Few months ago a painter doing some interior work at our house volunteered that the earth is flat. He knew of a group that “went way up in Alaska, went to the edge, and looked over. You can see about it on the internet.” Apollo 11 took place in a Hollywood studio. Fake news.
Don’t know what is more incredible. That humans were able to get to the moon and back with the engineering done by slide rule and pencil or that all of the technology that ensued has, among much else, enabled beliefs such as the above. If it is on the internet it must be true…
Norman Mailer’s brilliant reportage of Armstrong, Aldrin, and Collins’ trip to the moon and back was prescient even regarding technical advance and the associated epiphenomenal states of mind that followed (NB This was 1969):
“Computers the size of a package of cigarettes would then be able to do the work of present computers the size of a trunk.”

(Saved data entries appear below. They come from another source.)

Theorem proposition5 (N : nat) (hN : (2 <= N)%N) (L : nat) (hL : (N + 2 <= L)%N) :
  exists pi : {perm 'I_L}, forbidden_root N pi.
Proof.
have [pi pi_val] := perm_of_nat_inj (root_pat_lt hN hL) (root_pat_inj hN hL).
exists pi; split; first exact: root_pat_forbidden hN hL _ pi_val.
by move=> L' pi'; apply: root_pat_no_forbidden_outgrowth pi_val.
Qed.
Lemma exists_energy_minimizer : exists a, forall z, energy a <= energy z.
Proof.
have /choice [zs zs_lt] : forall n : nat, exists z, energy z < m + n.+1%:R^-1.
  move=> n; have inv_gt0 : 0 < n.+1%:R^-1 :> R by rewrite invr_gt0.
  by have [_ [z _ <-]] := inf_adherent inv_gt0 has_inf_energy; exists z.
have zs_cauchy : forall e, 0 < e -> exists N : nat, forall p q : nat,
    (N <= p)%N -> (N <= q)%N -> hnorm ip (zs p - zs q) <= e.
  move=> e e_gt0; have [N leN] := inv_succ_le (divr_gt0 (exprn_gt0 2 e_gt0) (ltr0Sn R 3)).
  exists N => p q Np Nq; rewrite hnorm_leE; last exact: ltW.
  have := sqnormB_le_energy (zs p) (zs q); have := zs_lt p; have := zs_lt q.
  have := leN p Np; have := leN q Nq; have -> : e ^+ 2 = 4 * (e ^+ 2 / 4) by field.
  set u := q.+1%:R^-1; set v := p.+1%:R^-1; clearbody u v; lra.
have [a zs_to_a] := ip_complete zs_cauchy.
exists a => z; apply: le_trans (inf_le_energy z); apply/ler_addgt0Pr => e e_gt0.
pose k := 2 * (hnorm ip a + K).
have k_ge0 : 0 <= k by rewrite mulr_ge0 // addr_ge0 // hnorm_ge0.
have delta_gt0 : 0 < e / (2 * k + 1) by rewrite divr_gt0 // ltr_wpDl // mulr_ge0.
have [N1 near_a] := zs_to_a _ delta_gt0.
have [N2 small] := inv_succ_le (divr_gt0 e_gt0 (ltr0Sn R 1)).
pose n := maxn N1 N2.
have : k * hnorm ip (zs n - a) <= e / 2.
  apply: (le_trans (ler_wpM2l k_ge0 (near_a n (leq_maxl _ _)))).
  rewrite mulrA ler_pdivrMr; last by rewrite ltr_wpDl // mulr_ge0.
  have -> : e / 2 * (2 * k + 1) = k * e + e / 2 by field.
  by rewrite lerDl divr_ge0 // ltW.
have := energy_le_near a (zs n); have := zs_lt n; have := small n (leq_maxr _ _).
rewrite -/k; set u := n.+1%:R^-1; clearbody u; lra.
Qed.

Lemma energy_minimizer_reip a :
  (forall z, energy a <= energy z) -> forall w, reip a w = L w.
Proof.
move=> min_a w; suff : 2 * (reip a w - L w) = 0 by lra.
apply: (linear_quadratic_ge0 (p := sqnorm w)) => t.
have := min_a (a + t%:C%C *: w).
by rewrite /energy sqnormD sqnormZ reipZr LD LZ; nra.
Qed.

Lemma riesz_reip : exists a, forall w, reip a w = L w.
Proof.
by have [a min_a] := exists_energy_minimizer; exists a; apply: energy_minimizer_reip.
Qed.

End RealRiesz.

Lemma riesz (psi : H -> R[i]) (K : R) :
  (forall a y z, psi (a *: y + z) = conjc a * psi y + psi z) ->
  (forall y, complex.Re (psi y) <= K * hnorm ip y) -> 0 <= K ->
  exists a, forall y, ip a y = psi y.
Proof.
move=> psiDZ psi_le K_ge0.
have psiD y z : psi (y + z) = psi y + psi z.
  by have := psiDZ 1 y z; rewrite scale1r conjc1 mul1r.
have psiZ a y : psi (a *: y) = conjc a * psi y.
  have psi0 : psi 0 = 0 by apply: (@addrI _ (psi 0)); rewrite -psiD !addr0.
  by rewrite -[a *: y]addr0 psiDZ psi0 addr0.
have ReD y z : complex.Re (psi (y + z)) = complex.Re (psi y) + complex.Re (psi z).
  by rewrite psiD raddfD.
have ReZ r y : complex.Re (psi (r%:C%C *: y)) = r * complex.Re (psi y).
  by rewrite psiZ conjc_real ReMl.
have [a a_repr] := riesz_reip ReD ReZ psi_le K_ge0.
exists a => y; apply: ReMi_eq; first exact: a_repr.
(* the imaginary parts are compared by testing against -i y *)
have := a_repr ((- 'i)%C *: y).
rewrite /reip ipZr psiZ.
have -> : conjc (- 'i%C) = 'i%C :> R[i] by apply/eqP; rewrite eq_complex /= oppr0 opprK !eqxx.
by rewrite ![_ * 'i%C]mulrC.
Qed.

“Because the computer was the essence of Narcissism (the computer could not conceive of its inability to correct its own mistakes) a view of (the future) suggested a technological narcissism so great that freak newspeak was its only cure.”
“So the mind could race ahead to see computers programming go-to-school routes in the nose of every kiddie car – the paranoid mind could see crystal transmitters sewn into the rump of every juvenile delinquent – doubtless, everybody would be easier to monitor.”
Impressive, huh. But the book – Of a Fire on the Moon – is much more than that. The author presents himself as the zeitgeist. An uber zeitgeist. He even calls himself ‘Aquarius” (as in “The Age of …”) a move so brazen that failure was virtually assured. But he succeeds. He succeeds by not allowing his perspicacity to overshadow his humanity.
“(The writer was) beginning to observe as if he were invisible. A danger sign. Only the very best and worst novelists can write as if they are invisible.”
Mailer is in no way here invisible. We are with him as his fourth marriage unwinds.
We are with him at the launch. In great detail he describes the physics, chemistry, and engineering of rockets and propulsion which in no way prepares us for the event:
“Then it came… Aquarius shook through his feet at the fury of the combat assault, and heard the thunderous murmur of Niagaras of flame roaring conceivable louder than the loudest thunders he had ever heard and the earth began to shake and would not stop, it quivered through his feet … an apocalyptic fury of sound equal to some conception of the sound of your death… Oh my God! Oh my God! Oh my God! Oh my God!…”
And that’s only a snippet.
Also, it is impossible in this short bit to give any sense for the depth and breadth of knowledge Mailer is able to bring to bear.
A short example:
“(The writer) had been devoted to painting for close to thirty years; an amateur of the mysteries of form, it took him close the thirty years to comprehend why Cezanne was the father of modern art and godfather to photographs of the far side of the moon.”
And finally, his take on point of view:
“It was a terror to write if one wished to speak of important matters and did not know if one was qualified – sometimes the depressions helped to give sanction to the verdicts taken. It was not so unreasonable. The question is whether it is better to trust a judge who travels through the desolations before passing sentence, or a jurist who has a good meal, a romp with his mistress, a fine night of sleep, and a penalty of death in the morning for the highwayman.”